PROBLEM REQUIREMENTS - Copy the lines exactly. Begin at the first line of the data and stop after the line with "- apply mirror_reduced_stack, Hr.".

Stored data
Inductive close_prod : word -> Prop :=
| close_nil : close_prod []
| close_lam : forall x i, 1 <= i -> close_prod x -> close_prod (lam i ++ x)
| close_bc : forall x k, close_prod x -> close_prod (repeat lb k ++ lc :: x).

Lemma mirror_open_prod : forall u, open_prod u -> close_prod (mirror u).
Proof.
  induction 1 as [|x i Hi _ IH|x k _ IH].
  - constructor.
  - rewrite mirror_app, mirror_lam. constructor; assumption.
  - rewrite mirror_app. change (la :: repeat lb k) with ([la] ++ repeat lb k).
    rewrite mirror_app, mirror_repeat_b, <- app_assoc. constructor. exact IH.
Qed.

Lemma left_invertible_close : forall w v r, pi2_eq (v ++ w) [] ->
  reduced_stack r -> pi2_eq (rev r) w -> close_prod (rev r).
Proof.
  intros w v r Hv Hr Hw.
  rewrite <- (mirror_involutive (rev r)). apply mirror_open_prod.
  rewrite mirror_rev. apply (right_invertible_open (mirror w) (mirror v)).
  - rewrite <- mirror_app. apply (mirror_pi2_eq _ _ Hv).
  - apply mirror_reduced_stack, Hr.
  - rewrite <- mirror_rev. apply mirror_pi2_eq, Hw.
Qed.

Lemma a_free_bs_c : forall k x y, repeat lb k ++ [lc] <> x ++ la :: y.
Proof.
  intros k x y E.
  assert (Ha : In la (repeat lb k ++ [lc])) by (rewrite E; apply in_or_app; right; left; reflexivity).
  apply in_app_or in Ha as [Ha | [Ha | []]]; [apply repeat_spec in Ha|]; discriminate.
Qed.

(* A close product ending with a b^i c stays one when this factor is removed:
   the factor cannot straddle two generators, since each contains at most one a. *)
Lemma close_prod_unlam : forall z, close_prod z -> forall x i, z = x ++ lam i -> close_prod x.
Proof.
  induction 1 as [|x' j Hj _ IH|x' k _ IH]; intros x i E.
  - destruct x; discriminate.
  - apply app_eq_app in E as [[|y l] [[E1 E2] | [-> E2]]].
    + rewrite app_nil_r in E1. subst x. rewrite <- (app_nil_r (lam j)).
      constructor; [exact Hj | constructor].
    + constructor; [exact Hj | exact (IH _ _ E2)].
    + unfold lam in E2. injection E2 as <- _. destruct x as [|z x]; [constructor|].
      injection E1 as _ E1. exfalso. exact (a_free_bs_c j x l E1).
    + constructor; [exact Hj | exact (IH _ _ E2)].
  - change (lc :: x') with ([lc] ++ x') in E. rewrite app_assoc in E.
    apply app_eq_app in E as [[|y l] [[E1 E2] | [-> E2]]].
    + rewrite app_nil_r in E1. subst x. apply (close_bc [] k), close_nil.
    + rewrite <- app_assoc. constructor. exact (IH _ _ E2).
    + unfold lam in E2. injection E2 as <- _. exfalso. exact (a_free_bs_c k x l E1).
    + rewrite <- app_assoc. constructor. exact (IH _ _ E2).
Qed.

Lemma close_prod_last : forall w, close_prod w -> w = [] \/ exists w', w = w' ++ [lc].
Proof.
  induction 1 as [|x i _ _ [-> | [w' ->]]|x k _ [-> | [w' ->]]]; auto; right.
  - exists (la :: repeat lb i). rewrite app_nil_r. reflexivity.
  - exists (lam i ++ w'). apply app_assoc.
  - exists (repeat lb k). reflexivity.
  - exists (repeat lb k ++ lc :: w'). rewrite <- app_assoc. reflexivity.
Qed.

Lemma open_close_lambda : forall w, open_prod w -> close_prod w ->
  exists l, Forall (fun i => 1 <= i) l /\ w = concat (map lam l).
Proof.
  induction 1 as [|x i Hi _ IH|x k _ _]; intro Hc.
  - exists []. split; [constructor | reflexivity].
  - destruct (IH (close_prod_unlam _ Hc x i eq_refl)) as [l [Hl ->]].
    exists (l ++ [i]). split.
    + apply Forall_app. split; [exact Hl | constructor; [exact Hi | constructor]].
    + rewrite map_app, concat_app. simpl. rewrite app_nil_r. reflexivity.
  - exfalso. destruct (close_prod_last _ Hc) as [E | [w' E]]; [destruct x; discriminate|].
    apply (f_equal (@rev letter)) in E. rewrite rev_app_distr, rev_unit in E. simpl in E.
    rewrite rev_repeat in E. destruct k; discriminate.
Qed.

Lemma lambda_product_inverse : forall l, Forall (fun i => 1 <= i) l ->
  pi2_eq (concat (map lam l) ++ concat (map lam (rev l))) [].
Proof.
  induction 1 as [|i l Hi _ IH]; [apply pi2_refl|].
  change (concat (map lam (i :: l))) with (lam i ++ concat (map lam l)).
  change (rev (i :: l)) with (rev l ++ [i]).
  rewrite map_app, concat_app. change (concat (map lam [i])) with (lam i ++ []).
  rewrite app_nil_r, <- !app_assoc, (app_assoc (concat (map lam l))).
  apply pi2_trans with (lam i ++ [] ++ lam i); [apply pi2_ctx, IH | apply pi2_rel, Hi].
Qed.

Lemma lambda_product_unit : forall l, Forall (fun i => 1 <= i) l -> pi2_unit (concat (map lam l)).
Proof.
  intros l Hl. split; exists (concat (map lam (rev l))).
  - apply lambda_product_inverse, Hl.
  - rewrite <- (rev_involutive l) at 2. apply lambda_product_inverse, Forall_rev, Hl.
Qed.

Lemma pi2_unit_compat : forall u w, pi2_eq u w -> pi2_unit u -> pi2_unit w.
Proof.
  intros u w E [[v Hv] [v' Hv']]. split.
  - exists v. exact (pi2_trans _ _ _ (pi2_app_r v _ _ (pi2_sym _ _ E)) Hv).
  - exists v'. exact (pi2_trans _ _ _ (pi2_app_l v' _ _ (pi2_sym _ _ E)) Hv').
Qed.

Theorem mainTheorem8 : forall w : word, in_Lambda_submonoid w <-> pi2_unit w.
Proof.
  intro w. split.
  - intros [l [Hl Hw]]. exact (pi2_unit_compat _ _ (pi2_sym _ _ Hw) (lambda_product_unit l Hl)).
  - intros [[v Hv] [v' Hv']].
    pose (r := run [] w).
    assert (Hr : reduced_stack r) by apply reduced_stack_run, reduced_stack_nil.
    assert (Hrw : pi2_eq (rev r) w) by apply (run_sound w []).
    destruct (open_close_lambda (rev r) (right_invertible_open w v r Hv Hr Hrw)
                (left_invertible_close w v' r Hv' Hr Hrw)) as [l [Hl E]].
    exists l. split; [exact Hl|]. rewrite <- E. apply pi2_sym, Hrw.
Qed.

TASK SOLUTION -
Inductive close_prod : word -> Prop :=
| close_nil : close_prod []
| close_lam : forall x i, 1 <= i -> close_prod x -> close_prod (lam i ++ x)
| close_bc : forall x k, close_prod x -> close_prod (repeat lb k ++ lc :: x).

Lemma mirror_open_prod : forall u, open_prod u -> close_prod (mirror u).
Proof.
  induction 1 as [|x i Hi _ IH|x k _ IH].
  - constructor.
  - rewrite mirror_app, mirror_lam. constructor; assumption.
  - rewrite mirror_app. change (la :: repeat lb k) with ([la] ++ repeat lb k).
    rewrite mirror_app, mirror_repeat_b, <- app_assoc. constructor. exact IH.
Qed.

Lemma left_invertible_close : forall w v r, pi2_eq (v ++ w) [] ->
  reduced_stack r -> pi2_eq (rev r) w -> close_prod (rev r).
Proof.
  intros w v r Hv Hr Hw.
  rewrite <- (mirror_involutive (rev r)). apply mirror_open_prod.
  rewrite mirror_rev. apply (right_invertible_open (mirror w) (mirror v)).
  - rewrite <- mirror_app. apply (mirror_pi2_eq _ _ Hv).
  - apply mirror_reduced_stack, Hr.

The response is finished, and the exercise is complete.